LCM: Locally Constrained Compact Point Cloud Model for Masked Point Modeling

Authors: Yaohua Zha, Naiqi Li, Yanzi Wang, Tao Dai, Hang Guo, Bin Chen, Zhi Wang, Zhihao Ouyang, Shu-Tao Xia

NeurIPS 2024 | Conference PDF | Archive PDF | Plain Text | LLM Run Details

Reproducibility Variable Result LLM Response
Research Type Experimental Extensive experimental results show that our compact model significantly surpasses existing Transformer-based models in both performance and efficiency, especially our LCMbased Point-MAE model, compared to the Transformer-based model, achieved an improvement of 1.84%, 0.67%, and 0.60% in average accuracy on the three variants of Scan Object NN while reducing parameters by 88% and computation by 73%.
Researcher Affiliation Collaboration 1Tsinghua Shenzhen International Graduate School, Tsinghua University 2Institute of Visual Intelligence, Pengcheng Laboratory 3College of Computer Science and Software Engineering, Shenzhen University 4Harbin Institute of Technology, Shenzhen 5Bytedance Inc.
Pseudocode No The paper describes methods through figures and textual explanations but does not include formal pseudocode or algorithm blocks.
Open Source Code Yes Code is available at https://github.com/zyh16143998882/LCM.
Open Datasets Yes We pre-training our LCM using five different pretraining strategies: Point-BERT [60], Mask Point [28], Point-MAE [37], Point-M2AE [65], and ACT [8]. For a fire comparison, we use Shape Net [3] as our pre-training dataset, encompassing over 50,000 distinct 3D models spanning 55 prevalent object categories.

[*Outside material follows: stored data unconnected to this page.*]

Lemma exists_ker_coord : dim2 X -> exists (z : X) (c : X -> R^o),
  [/\ `|z| = 1, phi z = 0, islin c & forall u, u = phi u *: x + c u *: z].
Proof.
move=> d2; have [e1 [e2 [e_span e_free]]] := d2.
pose z0 := phi e2 *: e1 - phi e1 *: e2.
have phi_z0 : phi z0 = 0.
  by rewrite (islinB phi_lin) !(islinZ phi_lin) !scaleRo mulrC subrr.
have z0_neq0 : z0 != 0.
  apply/eqP => /eqP; rewrite subr_eq0 => /eqP z0_eq.
  have [phi_e2 phi_e1] : phi e2 = 0 /\ - phi e1 = 0.
    by apply: e_free; rewrite z0_eq scaleNr addrN.
  have [a [b x_eq]] := e_span x.
  move: phi_x; rewrite x_eq (islinD phi_lin) !(islinZ phi_lin) phi_e2.
  rewrite (_ : phi e1 = 0); last by lra.
  by rewrite !scaleRo !mulr0 addr0 => /eqP; rewrite eq_sym oner_eq0.
pose z := `|z0|^-1 *: z0.
have phi_z : phi z = 0 by rewrite (islinZ phi_lin) phi_z0 scaler0.
have free : free2 x z.
  move=> a b e; have a0 : a = 0 by rewrite -(phi_comb a b phi_z) e islin0.
  split=> //; move/eqP: e; rewrite a0 scale0r add0r scaler_eq0 => /orP [/eqP //|].
  by rewrite scaler_eq0 invr_eq0 normr_eq0 (negbTE z0_neq0).
have [c1 [c2 [_ c2_lin c_eq]]] := dim2_coord d2 free.
exists z, c2; split=> //; first exact: normfZV.
by move=> u; rewrite {1}(c_eq u) -[c1 u](phi_comb _ (c2 u) phi_z) -c_eq.
Qed.

Variables (z : X) (c : X -> R^o).
Hypothesis z_unit : `|z| = 1.
Hypothesis phi_z : phi z = 0.
Hypothesis c_lin : islin c.
Hypothesis decomp : forall u, u = phi u *: x + c u *: z.

Let z_neq0 : z != 0. Proof. by rewrite -normr_eq0 z_unit oner_neq0. Qed.

Lemma coordE a b : c (a *: x + b *: z) = b.
Proof.
set u := a *: x + b *: z.
have : (c u - b) *: z = 0.
  rewrite scalerBl; apply/eqP; rewrite subr_eq0; apply/eqP.
  by apply: (addrI (a *: x)); rewrite -[in LHS](phi_comb a b phi_z) -decomp.
by move/eqP; rewrite scaler_eq0 (negbTE z_neq0) orbF subr_eq0 => /eqP.
Qed.

Lemma coord_z : c z = 1.
Proof. by rewrite -[z]add0r -[0](scale0r x) -[z in _ + z]scale1r coordE. Qed.

Lemma coord_le u : `|c u| <= 2 * `|u|.
Proof.
have : c u *: z = u - phi u *: x by rewrite {2}(decomp u) addrAC subrr add0r.
move/(congr1 Num.norm); rewrite normrZ z_unit mulr1 => ->.
rewrite (le_trans (ler_normB _ _)) // normrZ x_unit mulr1.
by have := phi_le u; lra.
Qed.

Definition ker_bound (mu : R) := forall u, phi u ^+ 2 + (mu * c u) ^+ 2 <= `|u| ^+ 2.

Lemma ker_bound_unit mu :
  (forall v, `|v| = 1 -> 0 <= phi v -> phi v ^+ 2 + (mu * c v) ^+ 2 <= 1) ->
  ker_bound mu.
Proof.
move=> bound_unit.
have bound_sphere v : `|v| = 1 -> phi v ^+ 2 + (mu * c v) ^+ 2 <= 1.
  move=> v_unit; have [|phi_lt0] := lerP 0 (phi v); first exact: bound_unit.
  have := bound_unit (- v).
  rewrite normrN (islinN phi_lin) (islinN c_lin) mulrN !sqrrN; apply=> //.
  by rewrite oppr_ge0 ltW.
move=> u; have [->|u_neq0] := eqVneq u 0.
  by rewrite (islin0 phi_lin) (islin0 c_lin) normr0 mulr0 expr0n /= addr0.
pose v := `|u|^-1 *: u.
have u_eq : u = `|u| *: v by rewrite scalerA mulfV ?normr_eq0 // scale1r.
have -> : phi u = `|u| * phi v by rewrite {1}u_eq (islinZ phi_lin).
have -> : c u = `|u| * c v by rewrite {1}u_eq (islinZ c_lin).
have := bound_sphere _ (normfZV u_neq0).
move: (phi v) (c v) => p b h.
rewrite (_ : _ + _ = `|u| ^+ 2 * (p ^+ 2 + (mu * b) ^+ 2)); last by ring.
by rewrite ler_piMr ?sqr_ge0.
Qed.

Section Attained.
Hypothesis phi_max : forall v, `|v| = 1 -> `|phi v| = 1 -> v = x \/ v = - x.

Lemma norm_add_ker_gt1 s : s != 0 -> 1 < `|x + s *: z|.
Proof.
move=> s_neq0; rewrite lt_neqAle -{2}x_unit ker_BJorth // andbT.
apply/eqP => /esym N1.
have phi_xz : phi (x + s *: z) = 1 by rewrite -[x in x + _]scale1r phi_comb.
case: (phi_max N1 _) => [|e|e]; first by rewrite phi_xz normr1.
- have /eqP : s *: z = 0 by apply: (addrI x); rewrite addr0.
  by rewrite scaler_eq0 (negbTE s_neq0) (negbTE z_neq0).
- by move: phi_xz; rewrite e (islinN phi_lin) phi_x => h; lra.
Qed.

Lemma norm_add_ker_mono l s :
  0 <= l <= 1 -> `|x + (l * s) *: z| <= `|x + s *: z|.
Proof.
move=> /andP [l_ge0 l_le1].
have -> : x + (l * s) *: z = (1 - l) *: x + l *: (x + s *: z).
  by rewrite scalerDr scalerA scalerBl scale1r addrA subrK.
rewrite (le_trans (ler_normD _ _)) // !normrZ x_unit mulr1 !ger0_norm ?subr_ge0 //.
by have := ker_BJorth phi_z s; rewrite x_unit; nra.
Qed.

Lemma norm_add_ker_away s0 : 0 < s0 ->
  exists2 m, 1 < m & forall s, s0 <= `|s| -> m <= `|x + s *: z|.
Proof.
move=> s0_gt0; exists (Num.min `|x + s0 *: z| `|x + (- s0) *: z|).
  by rewrite lt_min !norm_add_ker_gt1 // ?oppr_eq0 gt_eqF.
move=> s s_ge; have s_gt0 : 0 < `|s| by apply: lt_le_trans s_ge.
have s_neq0 : s != 0 by rewrite -normr_gt0.
have l_range : 0 <= s0 / `|s| <= 1.
  by rewrite divr_ge0 ?(ltW s0_gt0) ?normr_ge0 //= ler_pdivrMr // mul1r.
have := norm_add_ker_mono s l_range; rewrite ge_min.
have [s_ge0|s_lt0] := lerP 0 s.
- by rewrite ger0_norm // mulfVK // => ->.
- by rewrite ltr0_norm // invrN mulrN mulNr mulfVK // => ->; rewrite orbT.
Qed.

(* On the line x + s z the norm exceeds 1 for s != 0 and grows with |s|, and
   v = phi v *: (x + (c v / phi v) *: z): so phi v is close to 1 only when
   c v is close to 0, i.e. when v is close to x. *)
Lemma phi_le_away r : 0 < r -> exists2 q, q < 1 &
  forall v, `|v| = 1 -> 0 <= phi v -> r <= `|v - x| -> phi v <= q.
Proof.
move=> r_gt0.
have [m m_gt1 m_le] := norm_add_ker_away (divr_gt0 r_gt0 (@ltr0Sn _ 1)).
have m_gt0 : 0 < m := lt_trans ltr01 m_gt1.
exists (Num.max (1 - r / 2) m^-1).
  by rewrite gt_max invf_lt1 // m_gt1 andbT; lra.
move=> v v_unit phi_ge0 far; rewrite le_max.
have phi_le1 : phi v <= 1 by rewrite -v_unit (le_trans (ler_norm _)).
have dist_le : `|v - x| <= (1 - phi v) + `|c v|.
  rewrite {1}(decomp v) -addrAC -[x in _ - x]scale1r -scalerBl.
  rewrite (le_trans (ler_normD _ _)) // !normrZ x_unit z_unit !mulr1.
  by rewrite ler0_norm ?subr_le0 // opprB.
have [phi_near|] := lerP (r / 2) (1 - phi v).
  by apply/orP; left; lra.
move=> phi_far; apply/orP; right.
have [->|phi_neq0] := eqVneq (phi v) 0; first by rewrite invr_ge0 ltW.
have phi_gt0 : 0 < phi v by rewrite lt_neqAle eq_sym phi_neq0.
have : v = phi v *: (x + (c v / phi v) *: z).
  by rewrite {1}(decomp v) scalerDr scalerA mulrCA mulfV // mulr1.
move/(congr1 Num.norm); rewrite normrZ gtr0_norm // v_unit => /esym N_eq.
have c_far : r / 2 <= `|c v / phi v|.
  rewrite normrM normfV (gtr0_norm phi_gt0) ler_pdivlMr //.
  by rewrite (le_trans (ler_piMr _ phi_le1)) //; lra.
have := ler_wpM2l (ltW phi_gt0) (m_le _ c_far); rewrite N_eq => m_le1.
by rewrite -[m^-1]mul1r ler_pdivlMr.
Qed.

We initially assess the overall classification accuracy of our pre-trained models on both real-scanned (Scan Object NN [44]) and synthetic (Model Net40 [57]) datasets. We further assess the object detection performance of our pre-trained model on the more challenging scene-level point cloud dataset, Scan Net V2 [6]
Dataset Splits No The paper mentions training and testing but does not explicitly provide the specific train/validation/test dataset splits (percentages or counts) or reference predefined splits with sufficient detail for reproduction in the main text.
Hardware Specification Yes Due to the surprisingly lightweight and efficient of our LCM model, we were able to complete the pre-training tasks using just a single 24GB NVIDIA Ge Force RTX 3090 GPU. For downstream classification and segmentation tasks, we used a single RTX 3090 GPU for each. For detection tasks, to accelerate training, we utilized four parallel RTX 3090 GPUs.
Software Dependencies No The paper does not explicitly state specific software dependencies with version numbers (e.g., Python, PyTorch, or CUDA versions) required for replication.
Experiment Setup No The paper states that hyperparameter settings were adopted from previous methods (e.g., 'we used the same settings as previous methods'), and mentions some data augmentation and baseline replacement, but it does not explicitly list specific hyperparameter values (e.g., learning rate, batch size, epochs) or detailed training schedules within the main text.